Sunday, October 15, 2006

Say it better

I once had vague ideas of starting a business dedicated to helping people get their message across better. Not an advertising agency, but a communication enhancement centre. And I'll tell you, we Christians need to enhance our communication!

We have the greatest message in the world - God's unrelenting love, grace and mercy poured out to us in extravagant ways. But so often, we present that message through long-winded, boring speeches.

Our message says 'born again'. Our method says 'boring again'.

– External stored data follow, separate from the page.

(* Every metrizable locally compact $J$-space has a countable base.
   Context: A topological space $X$ is a $J$-space if whenever $\{A,B\}$ is a cover of $X$ by closed sets with $A\cap B$ compact, then $A$ or $B$ is compact. *)

From Stdlib Require Import Reals List Classical.
Open Scope R_scope.

Definition set (X : Type) := X -> Prop.

Definition subset {X} (A B : set X) : Prop := forall x, A x -> B x.
Definition bigunion {X} (F : set (set X)) : set X := fun x => exists U, F U /\ U x.

Record topology (X : Type) := Topology {
  open : set X -> Prop;
  open_full : open (fun _ => True);
  open_inter : forall U V, open U -> open V -> open (fun x => U x /\ V x);
  open_union : forall F : set (set X), (forall U, F U -> open U) -> open (bigunion F)
}.
Arguments open {X} t U.

Definition closed {X} (t : topology X) (A : set X) : Prop :=
  open t (fun x => ~ A x).

Definition compact {X} (t : topology X) (K : set X) : Prop :=
  forall F : set (set X), (forall U, F U -> open t U) -> subset K (bigunion F) ->
  exists l : list (set X), (forall U, In U l -> F U) /\
     subset K (fun x => exists U, In U l /\ U x).

Definition J_space {X} (t : topology X) : Prop :=
  forall A B : set X, closed t A -> closed t B -> (forall x, A x \/ B x) ->
  compact t (fun x => A x /\ B x) -> compact t A \/ compact t B.

Definition locally_compact {X} (t : topology X) : Prop :=
  forall x : X, exists U K, open t U /\ U x /\ subset U K /\ compact t K.

Definition is_metric {X} (d : X -> X -> R) : Prop :=
  (forall x y, 0 <= d x y) /\ (forall x y, d x y = 0 <-> x = y) /\
  (forall x y, d x y = d y x) /\ (forall x y z, d x z <= d x y + d y z).

Definition metrizable {X} (t : topology X) : Prop :=
  exists d : X -> X -> R, is_metric d /\
    forall U : set X, open t U <->
      (forall x, U x -> exists eps, 0 < eps /\ subset (fun y => d x y < eps) U).

Definition is_base {X} (t : topology X) (B : set (set X)) : Prop :=
  (forall V, B V -> open t V) /\
  (forall U x, open t U -> U x -> exists V, B V /\ V x /\ subset V U).

Definition countable {T} (A : set T) : Prop :=
  exists f : T -> nat, forall a b, A a -> A b -> f a = f b -> a = b.

Definition second_countable {X} (t : topology X) : Prop :=
  exists B : set (set X), is_base t B /\ countable B.

(* Fix a metric d inducing the topology.  Local compactness gives every point x
   a "compactness radius" rho x in (0,1], the supremum of the radii r <= 1 for
   which the ball B(x,r) lies in a compact set; rho is 1-Lipschitz.  Call p and
   q linked when d p q is smaller than half of both rho p and rho q.  Linking is
   symmetric and holds on small balls, so every set closed under linking is
   clopen; and the points linked to a compact set lie in a compact set, so the
   chain component of a point (everything reachable by finite chains of links)
   is sigma-compact.

   The J-space property enters through a purely topological fact: if the union
   A of an increasing sequence of open sigma-compact sets is clopen, then either
   A is already contained in one of them or the whole space is sigma-compact
   (apply the J property to the closed cover {A, complement of A}).  Adding one
   chain component at a time to an increasing sequence, this shows that a
   locally compact metric J-space is sigma-compact.  Finally a sigma-compact
   metric space is second countable: the balls of radius 1/(m+1) centred at
   finite 1/(m+1)-nets of the compact pieces form a countable base. *)

From Stdlib Require Import Reals List Classical Lra.
From Stdlib Require Import ClassicalEpsilon Cantor.
From Stdlib Require Import FunctionalExtensionality PropExtensionality.
Open Scope R_scope.

Lemma countable_of_enumeration {T : Type} (A : set T) (g : nat -> option T) :
  (forall a, A a -> exists n, g n = Some a) -> countable A.
Proof.
  intros Hg.
  exists (fun a => epsilon (inhabits 0%nat) (fun n => g n = Some a)).
  intros a b Ha Hb Heq.
  pose proof (epsilon_spec (inhabits 0%nat) _ (Hg a Ha)) as Ea.
  pose proof (epsilon_spec (inhabits 0%nat) _ (Hg b Hb)) as Eb.
  rewrite Heq, Eb in Ea. injection Ea; auto.
Qed.

Section CompactSets.
Context {X : Type} (t : topology X).

Lemma compact_ext (A B : set X) :
  (forall x, A x <-> B x) -> compact t A -> compact t B.
Proof.
  intros E HA F HF HB. destruct (HA F HF) as [l [H1 H2]].
  - intros x Ax; apply HB, E, Ax.
  - exists l; split; auto. intros x Bx; apply H2, E, Bx.
Qed.

Lemma compact_empty : compact t (fun _ => False).
Proof. intros F _ _; exists nil; split; intros ? []. Qed.

Lemma compact_single (x : X) : compact t (fun y => y = x).
Proof.
  intros F HF Hcov. destruct (Hcov x eq_refl) as [U [HU Ux]].
  exists (U :: nil); split.
  - intros V [<-|[]]; auto.
  - intros y ->; exists U; split; [left|]; auto.
Qed.

Lemma compact_union2 (A B : set X) :
  compact t A -> compact t B -> compact t (fun x => A x \/ B x).
Proof.
  intros HA HB F HF Hcov.
  destruct (HA F HF) as [l1 [H11 H12]]; [intros x Ax; apply Hcov; auto|].
  destruct (HB F HF) as [l2 [H21 H22]]; [intros x Bx; apply Hcov; auto|].
  exists (l1 ++ l2); split.
  - intros U HU; apply in_app_iff in HU as [?|?]; auto.
  - intros x [Ax|Bx];
      [destruct (H12 x Ax) as [U [? ?]]|destruct (H22 x Bx) as [U [? ?]]];
      exists U; split; auto; apply in_app_iff; auto.
Qed.

Lemma compact_finite_union {I : Type} (L : I -> set X) (l : list I) :
  (forall i, compact t (L i)) -> compact t (fun x => exists i, In i l /\ L i x).
Proof.
  intros HL; induction l as [|i l IH].
  - eapply compact_ext; [|apply compact_empty].
    intros x; split; [intros []|intros [? [[] _]]].
  - eapply compact_ext; [|exact (compact_union2 _ _ (HL i) IH)].
    intros x; split.
    + intros [Lx|[j [Hj Lx]]]; [exists i|exists j]; simpl; auto.
    + intros [j [[<-|Hj] Lx]]; [left|right; exists j]; auto.
Qed.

Good teaching and learning involves these things:

hearing
seeing
feeling
touching
tasting
moving
doing
questioning
thinking
participating
speaking
telling stories
engaging with people
thinking thoughts
knowing facts
making deductions
feeling emotions
stirring passions
translating his experience across to my experience
reflecting
stopping

A lot of the time, preachers will stop at the first one on my list - hearing. And they sometimes don't get to the last one until 40 or 50 minutes later, without using the others on the list.

Lecture-style Christian talks are often great. They frequently include marvellous, deep reflections on the text and great applications to life.

But I think the Christian subculture I belong to has the mind-set that says listening to (or delivering) a long Christian lecture is the ultimate in 'serious' Christianity. If you can do either of those, you are taking the Bible seriously and you are growing in your faith.

My point is, however, that there are other ways to learn and engage with the same content more effectively than sitting through a long talk.

I'd be interested in your ideas for how you'd like to see Christian teaching and learning done. What are the benefits of the current model? What do you think we miss by not doing it differently? How could it practically work in a church situation? How can we use more interactive models of teaching, but still keep the input from people who have good insights into context, meaning and application (traditionally the preachers)?